Tuesday, September 21, 2010

Not going...

Thanks for all your well wishes.

I've decided not to go to the funeral. I was never particularly close with this grandfather, since my whole life he lived in Florida and I saw him at most maybe once a year for a few days. He also has had no idea who I was for at least the last 3 years (he had severe dementia), and we never talked on the phone since I was a young child, and even then, I mostly talked to my grandmother and he would say hello at the very end of the conversation, and that's about it. I did attend her funeral because I felt like I had a personal connection with her. While I'm sad about my grandfather's death, I don't feel that I need to attend his funeral in order to get a sense of closure.

If anything, I know if I attend his funeral I will be angry about it, because my parents are not giving him a eulogy because it's Erev Sukkot, and because every single time I see my parents I end up feeling resentful and hurt by the end of the meeting. I would rather attend his unveiling in a year, and hopefully there will be some kind of eulogy at that point.

And all you people telling me to go to support my father...are you new to this blog? I've barely spoken to my father in years, by his choice (not mine) so why should I go for his sake? You can't stop talking to your children and then expect them to support you through difficult times. You can't tell someone they are no longer part of your family and then expect them to act like your family when times get tough.

My grandfather had been living with my parents for the last 3 years, and not once did I see him at their house. You know why? Cause my parents haven't invited me to their house in over 3 years. I'm not welcome there.

As for "he must really want me to be there if he offered to pay for B", well I moved the date of my wedding to a Sunday (rather than a Saturday which was more convenient for me and most of my guests) because I really wanted my parents to be there. They didn't show up to that either.

And yes, they did come to my PhD graduation- because my dad's parents (including my grandfather who just died) didn't come to his PhD graduation and he decided that he would come to mine even though we were barely talking. I think that was more about him not wanting to be like his parents than anything about me. Even then, they scheduled a flight that afternoon (which they didn't have to do at all- they could have taken a later flight or gone the next day, and it was a vacation, not even a business trip) so that they would only be there for the ceremony and about 20 minutes afterward, and then they high tailed it out of there.
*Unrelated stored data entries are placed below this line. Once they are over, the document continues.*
(* Let $\mathcal{X}$ be a finite set of $n$ items and let $\mathcal{S}$ be a collection of distinct subsets of $\mathcal{X}$, each of size at least $2$. Let $G(\mathcal{S})$ be the integer matrix with one row $g_{x,C}^{T}$ for each $C\in\mathcal{S}$ and each $x\in C$. Then the full-rank CDM is identifiable up to a shift from the choice probabilities on $\mathcal{S}$ — i.e. whenever $u,u'\in\mathbb{R}^{n(n-1)}$ satisfy $P_u(x\mid C)=P_{u'}(x\mid C)$ for all $C\in\mathcal{S}$, $x\in C$, we have $u'-u=\alpha\mathbf{1}$ for some $\alpha\in\mathbb{R}$ — if and only if $\mathrm{rank}(G(\mathcal{S}))=n(n-1)-1$.
   Context: A (full-rank) CDM on $\mathcal{X}$ has parameter vector $u=(u_{xz})_{x\neq z}\in\mathbb{R}^{n(n-1)}$ and choice probabilities, for $C\subseteq\mathcal{X}$, $|C|\ge2$, $x\in C$, $P_u(x\mid C)=\dfrac{\exp\big(\sum_{z\in C\setminus\{x\}}u_{xz}\big)}{\sum_{y\in C}\exp\big(\sum_{z\in C\setminus\{y\}}u_{yz}\big)}$. For a set $C$ and $x\in C$, $g_{x,C}\in\mathbb{Z}^{n(n-1)}$ is the integer vector with $g_{x,C}^{T}u=\sum_{y\in C\setminus\{x\}}\Big([u_{xy}-u_{yx}]+\sum_{z\in C\setminus\{x,y\}}[u_{xz}-u_{yz}]\Big)$ for all $u$. $\mathbf{1}$ denotes the all-ones vector. *)

From HB Require Import structures.
From mathcomp Require Import all_boot all_order all_algebra.
From mathcomp Require Import reals.
From mathcomp Require Import sequences exp.
Set Implicit Arguments. Unset Strict Implicit. Unset Printing Implicit Defensive.
Import Order.TTheory GRing.Theory Num.Theory.
Local Open Scope ring_scope.

(* Index set of the CDM parameters: ordered pairs (x, z) with x <> z.
   Its cardinality is n(n-1). *)
Notation offdiag X := {p : X * X | p.1 != p.2}.

(* Read parameter u_{xz} (value 0 on the diagonal, which never occurs below). *)
Definition upar (X : finType) (R : nmodType) (u : offdiag X -> R) (x z : X) : R :=
  match @insub _ (fun p : X * X => p.1 != p.2) _ (x, z) with
  | Some d => u d
  | None => 0
  end.

Definition cdmP (R : realType) (X : finType) (u : offdiag X -> R)
    (C : {set X}) (x : X) : R :=
  expR (\sum_(z in C :\ x) upar u x z) /
  \sum_(y in C) expR (\sum_(z in C :\ y) upar u y z).

Definition glin (R : zmodType) (X : finType) (C : {set X}) (x : X)
    (u : X -> X -> R) : R :=
  \sum_(y in C :\ x)
    ((u x y - u y x) + \sum_(z in C :\ x :\ y) (u x z - u y z)).

(* The integer vector g_{x,C}: its coordinate at (a,b) is the coefficient of
   u_{ab} in the linear form above. *)
Definition gvec (X : finType) (C : {set X}) (x : X) (d : offdiag X) : int :=
  glin C x (fun a b : X => if (a, b) == val d then 1 else 0).

Notation rowidx X S :=
  {p : {set X} * X | (p.1 \in S) && (p.2 \in p.1)}.

Definition Gmat (X : finType) (S : {set {set X}}) :
    'M[int]_(#|{: rowidx X S}|, #|{: offdiag X}|) :=
  \matrix_(i, j) gvec (val (enum_val i)).1 (val (enum_val i)).2 (enum_val j).

(** P_u(. | C) is the softmax over C of the utilities
    U_u(x, C) = sum_(z in C, z <> x) u_xz, and a softmax determines its
    argument up to an additive constant.  Since
    g_(x,C)^T u = |C| U_u(x, C) - sum_(y in C) U_u(y, C), the parameters u and
    u' induce the same probabilities on S exactly when u' - u lies in the
    kernel of G(S).  The all-ones vector always lies in that kernel, so
    identifiability up to a shift says that the kernel is the line spanned by
    1, i.e. that G(S) has rank n(n-1) - 1. *)
From HB Require Import structures.
From mathcomp Require Import all_boot all_order all_algebra.
From mathcomp Require Import reals.
From mathcomp Require Import sequences exp.
From mathcomp Require Import ring zify.
Import Order.TTheory GRing.Theory Num.Theory.
Local Open Scope ring_scope.

Definition utility {R : nmodType} {X : finType} (u : X -> X -> R)
    (C : {set X}) (x : X) : R :=
  \sum_(z in C :\ x) u x z.

Section LinearForm.
Context {X : finType}.

Lemma glin_utility {R : zmodType} (u : X -> X -> R) (C : {set X}) (x : X) :
  x \in C -> glin C x u = \sum_(y in C) (utility u C x - utility u C y).
Proof.
move=> xC; rewrite (big_setD1 x xC) /= subrr add0r /glin.
apply: eq_bigr => y; rewrite in_setD1 => /andP [yx yC].
have yCx : y \in C :\ x by rewrite in_setD1 yx yC.
have xCy : x \in C :\ y by rewrite in_setD1 eq_sym yx xC.
have -> : utility u C x = u x y + \sum_(z in C :\ x :\ y) u x z.
  by rewrite /utility (big_setD1 y yCx).
have -> : utility u C y = u y x + \sum_(z in C :\ x :\ y) u y z.
  rewrite /utility (big_setD1 x xCy); congr (_ + _).
  by apply: eq_bigl => z; rewrite !in_setD1 andbCA.
by rewrite sumrB opprD addrACA.
Qed.

Lemma eq_glin {R : zmodType} (C : {set X}) (x : X) (u v : X -> X -> R) :
  u =2 v -> glin C x u = glin C x v.
Proof.
move=> uv; rewrite /glin; apply: eq_bigr => y _; rewrite !uv; congr (_ + _).
by apply: eq_bigr => z _; rewrite !uv.
Qed.

Lemma raddf_glin {U V : zmodType} (f : {additive U -> V}) (C : {set X}) (x : X)
    (u : X -> X -> U) :
  f (glin C x u) = glin C x (fun a b => f (u a b)).
Proof.
rewrite /glin raddf_sum; apply: eq_bigr => y _.
rewrite raddfD raddfB raddf_sum; congr (_ + _).
by apply: eq_bigr => z _; rewrite raddfB.
Qed.

Lemma glin_sum {R : zmodType} (I : finType) (C : {set X}) (x : X)
    (F : I -> X -> X -> R) :
  glin C x (fun a b => \sum_i F i a b) = \sum_i glin C x (F i).
Proof.
rewrite /glin [RHS]exchange_big; apply: eq_bigr => y _ /=.
rewrite [RHS]big_split /=; congr (_ + _); first by rewrite sumrB.
by rewrite [RHS]exchange_big; apply: eq_bigr => z _; rewrite sumrB.
Qed.

Lemma glin_eq0P {R : numDomainType} (u : X -> X -> R) (C : {set X}) :
  (forall x, x \in C -> glin C x u = 0) <->
  {in C &, forall x y, utility u C x = utility u C y}.
Proof.
split=> [glin0 x y xC yC | Ucst x xC]; last first.
  by rewrite glin_utility //; apply: big1 => y yC; rewrite (Ucst x y) ?subrr.
have : glin C x u - glin C y u = (utility u C x - utility u C y) *+ #|C|.
  by rewrite !glin_utility // -sumrB -sumr_const; apply: eq_bigr => z _; ring.
rewrite !glin0 // subrr => /esym/eqP; rewrite mulrn_eq0 subr_eq0.
by rewrite cards_eq0; case/orP=> [/eqP C0|/eqP //]; rewrite C0 inE in xC.
Qed.

End LinearForm.

Section Softmax.
Context {R : realType} {X : finType}.

Definition softmax (C : {set X}) (a : X -> R) (x : X) : R :=
  expR (a x) / \sum_(y in C) expR (a y).

Lemma sum_expR_gt0 (C : {set X}) (a : X -> R) (x : X) :
  x \in C -> 0 < \sum_(y in C) expR (a y).
Proof.
move=> xC; rewrite (big_setD1 x xC) /= ltr_pwDl ?expR_gt0 //.
by apply: sumr_ge0 => y _; rewrite ltW ?expR_gt0.
Qed.

Lemma softmax_eqP (C : {set X}) (a b : X -> R) :
  {in C, softmax C a =1 softmax C b} <->
  {in C &, forall x y, b x - a x = b y - a y}.
Proof.
have Z_neq0 (c : X -> R) x : x \in C -> \sum_(y in C) expR (c y) != 0.
  by move=> xC; apply: lt0r_neq0; apply: sum_expR_gt0 xC.
split=> [same x y xC yC | shift x xC].
  suff expR_shift z : z \in C ->
      expR (b z - a z) = (\sum_(t in C) expR (b t)) / \sum_(t in C) expR (a t).
    by apply: expR_inj; rewrite !expR_shift.
  move=> zC; apply/eqP; rewrite expRB eqr_div ?expR_eq0 ?(Z_neq0 _ z) //.
  by rewrite eq_sym mulrC -eqr_div ?(Z_neq0 _ z) ?expR_eq0 //; apply/eqP/same.
have bE y : y \in C -> expR (b y) = expR (a y) * expR (b x - a x).
  by move=> yC; rewrite -expRD -(shift y x yC xC) addrC subrK.
rewrite /softmax (eq_bigr _ bE) -mulr_suml bE // -mulf_div.
by rewrite divff ?expR_eq0 ?mulr1.
Qed.

End Softmax.

Section OffDiagonal.
Context {X : finType}.

Lemma uparB {R : zmodType} (u u' : offdiag X -> R) (a b : X) :
  upar (fun d => u' d - u d) a b = upar u' a b - upar u a b.
Proof. by rewrite /upar; case: insubP => [d _ _|_]; rewrite ?subr0. Qed.

Lemma upar_sum_indicator {R : pzRingType} (w : offdiag X -> R) (a b : X) :
  \sum_d w d * (if (a, b) == val d then 1 else 0 : int)%:~R = upar w a b.
Proof.
rewrite /upar; case: insubP => [d0 _ d0E | offdiag_ab].
  rewrite (bigD1 d0) //= -d0E eqxx mulr1 big1 ?addr0 // => d /negbTE d_neq.
  by rewrite (inj_eq val_inj) eq_sym d_neq mulr0.
apply: big1 => d _; case: eqP => [abE|]; last by rewrite mulr0.
by move: offdiag_ab; rewrite abE (valP d).
Qed.

Lemma utility_upar1 {R : pzRingType} (C : {set X}) (x : X) :
  x \in C -> utility (upar (fun _ => 1 : R)) C x = (#|C|.-1)%:R.
Proof.
move=> xC; rewrite /utility (eq_bigr (fun _ => 1)); last first.
  move=> z; rewrite in_setD1 => /andP [zx _].
  by rewrite /upar; case: insubP => //=; rewrite eq_sym zx.
by rewrite sumr_const (cardsD1 x C) xC.
Qed.

Lemma cdmP_eqP {R : realType} (u u' : offdiag X -> R) (C : {set X}) :
  {in C, cdmP u C =1 cdmP u' C} <->
  (forall x, x \in C -> glin C x (upar (fun d => u' d - u d)) = 0).
Proof.
have utilityB x : utility (upar (fun d => u' d - u d)) C x =
    utility (upar u') C x - utility (upar u) C x.
  by rewrite /utility -sumrB; apply: eq_bigr => z _; rewrite uparB.
rewrite glin_eq0P; split=> [/softmax_eqP shift x y xC yC | shift].
  by rewrite !utilityB; apply: shift.
by apply/softmax_eqP => x y xC yC; rewrite -!utilityB; apply: shift.
Qed.

Lemma card_offdiag : #|{: offdiag X}| = (#|X| * (#|X| - 1))%N.
Proof.
have card_diag : #|[pred p : X * X | p.1 == p.2]| = #|X|.
  rewrite -(card_image (f := fun x : X => (x, x))); last by move=> x y [].
  apply: eq_card => -[a b]; apply/idP/imageP => [|[c _ [-> ->]]]; last first.
    by rewrite inE /=.
  by rewrite inE /= => /eqP ->; exists b.
have := cardC [pred p : X * X | p.1 == p.2].
by rewrite card_sig card_prod card_diag mulnBr muln1 => <-; rewrite addKn.
Qed.

End OffDiagonal.

Section KernelLine.
Context {F : fieldType}.

Lemma submx_const1P n (v : 'rV[F]_n) :
  reflect (exists a, forall j, v 0 j = a) (v <= (const_mx 1 : 'rV_n))%MS.
Proof.
apply: (iffP submxP) => [[D ->] | [a vE]].
  by exists (D 0 0) => j; rewrite !mxE big_ord1 !mxE mulr1.
by exists (a%:M); apply/rowP => j; rewrite vE mul_scalar_mx !mxE mulr1.
Qed.

Lemma ker_sub_lineP m n (B : 'M[F]_(n, m)) (o : 'rV_n) :
  o != 0 -> o *m B = 0 ->
  (forall v : 'rV_n, v *m B = 0 -> (v <= o)%MS) <-> \rank B = n.-1.
Proof.
move=> o_neq0 /sub_kermxP o_ker.
have rank_o : \rank o = 1%N.
  by apply/eqP; rewrite eqn_leq rank_leq_row lt0n mxrank_eq0.
have n_gt0 : (0 < n)%N by rewrite -rank_o rank_leq_col.
have [_ ker_eq] := mxrank_leqif_sup o_ker; rewrite rank_o mxrank_ker in ker_eq.
transitivity (kermx B <= o)%MS.
  split=> [line | ker_o v /sub_kermxP v_ker]; last exact: submx_trans ker_o.
  by apply/rV_subP => v /sub_kermxP; apply: line.
rewrite -ker_eq; split=> [/eqP | rankB]; first by lia.
by apply/eqP; lia.
Qed.

Lemma ker_sub_const1P m n (B : 'M[F]_(n, m)) :
  (const_mx 1 : 'rV_n) *m B = 0 ->
  (forall v : 'rV_n, v *m B = 0 -> (v <= (const_mx 1 : 'rV_n))%MS) <->
  \rank B = n.-1.
Proof.
case: n B => [|n] B one_ker.
  split=> [_ | _ v _]; first by apply/eqP; rewrite -leqn0 rank_leq_row.
  by rewrite thinmx0 sub0mx.
apply: ker_sub_lineP one_ker; apply/eqP => /rowP /(_ ord0) /eqP.
by rewrite !mxE oner_eq0.
Qed.

End KernelLine.

Section GmatKernel.
Context {X : finType} (S : {set {set X}}).

Local Notation G R := (map_mx (fun k : int => k%:~R : R) (Gmat S)).

Lemma row_mul_Gmat_tr {R : pzRingType} (w : offdiag X -> R)
    (i : 'I_#|{: rowidx X S}|) :
  (\row_j w (enum_val j) *m (G R)^T) 0 i =
  glin (val (enum_val i)).1 (val (enum_val i)).2 (upar w).
Proof.
rewrite mxE (reindex enum_rank) /=; last exact/onW_bij/enum_rank_bij.
under eq_bigr => d _ do
  rewrite !mxE enum_rankK /gvec -[_ * _]/((w d \*o intr) _) raddf_glin.
rewrite -glin_sum; apply: eq_glin => a b.
by rewrite -upar_sum_indicator; apply: eq_bigr.
Qed.

Lemma Gmat_kerP {R : pzRingType} (w : offdiag X -> R) :
  \row_j w (enum_val j) *m (G R)^T = 0 <->
  (forall C x, C \in S -> x \in C -> glin C x (upar w) = 0).
Proof.
split=> [w_ker C x CS xC | glin0].
  have Cx : ((C, x).1 \in S) && ((C, x).2 \in (C, x).1) by rewrite /= CS xC.
  move/rowP: w_ker => /(_ (enum_rank (Sub (C, x) Cx : rowidx X S))).
  by rewrite row_mul_Gmat_tr enum_rankK mxE.
apply/rowP => i; rewrite row_mul_Gmat_tr mxE.
by case: (enum_val i) => -[C x] /= /andP [CS xC]; apply: glin0.
Qed.

Lemma const1_Gmat_ker {R : numDomainType} :
  (const_mx 1 : 'rV[R]_#|{: offdiag X}|) *m (G R)^T = 0.
Proof.
have -> : const_mx 1 = \row_j 1 :> 'rV[R]_#|{: offdiag X}|.
  by apply/rowP => j; rewrite !mxE.
apply/(Gmat_kerP (fun _ => 1)) => C x _; move: x.
by apply/glin_eq0P => x y xC yC; rewrite !utility_upar1.
Qed.

Lemma cdmP_eq_kerP {R : realType} (u u' : offdiag X -> R) :
  (forall C x, C \in S -> x \in C -> cdmP u C x = cdmP u' C x) <->
  \row_j (u' (enum_val j) - u (enum_val j)) *m (G R)^T = 0.
Proof.
have ker_glin := Gmat_kerP (fun d => u' d - u d).
split=> [same | /ker_glin glin0 C x CS].
  by apply/ker_glin => C x CS; move: x; apply/cdmP_eqP => x; apply: same.
by move: x; apply/cdmP_eqP => y; apply: glin0.
Qed.

Lemma identifiable_kerP {R : realType} :
  (forall u u' : offdiag X -> R,
     (forall C x, C \in S -> x \in C -> cdmP u C x = cdmP u' C x) ->
     exists alpha : R, forall d, u' d - u d = alpha) <->
  (forall v : 'rV[R]_#|{: offdiag X}|,
     v *m (G R)^T = 0 -> (v <= (const_mx 1 : 'rV_#|{: offdiag X}|))%MS).
Proof.
split=> [identifiable v v_ker | ker_const u u' /cdmP_eq_kerP /ker_const].
  pose w d := v 0 (enum_rank d).
  have vE : v = \row_j (w (enum_val j) - 0).
    by apply/rowP => j; rewrite mxE subr0 /w enum_valK.
  rewrite vE -(cdmP_eq_kerP (fun=> 0)) in v_ker.
  have [alpha walpha] := identifiable _ _ v_ker.
  by apply/submx_const1P; exists alpha => j; rewrite vE mxE.
move/submx_const1P => [alpha const_alpha]; exists alpha => d.
by rewrite -(const_alpha (enum_rank d)) mxE enum_rankK.
Qed.

End GmatKernel.

Theorem lemma2 (R : realType) (X : finType) (S : {set {set X}})
    (hS : forall C, C \in S -> (2 <= #|C|)%N) :
  (forall u u' : offdiag X -> R,
     (forall C x, C \in S -> x \in C -> cdmP u C x = cdmP u' C x) ->
     exists alpha : R, forall d, u' d - u d = alpha)
  <->
  \rank (map_mx (fun k : int => k%:~R : R) (Gmat S)) = (#|X| * (#|X| - 1) - 1)%N.
Proof.
rewrite identifiable_kerP -card_offdiag -mxrank_tr subn1.
exact/ker_sub_const1P/const1_Gmat_ker.
Qed.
But this is not about revenge on my dad, although I still am angry at him for many things. This is about my lack of connection with my grandfather. I don't feel like I would get anything out of attending his funeral other than a lot of stress, and having to work all weekend because of all the work I would miss. My job isn't the type of job you can just take a few days off from-if I don't work this week, I don't have lesson plans prepared for next week.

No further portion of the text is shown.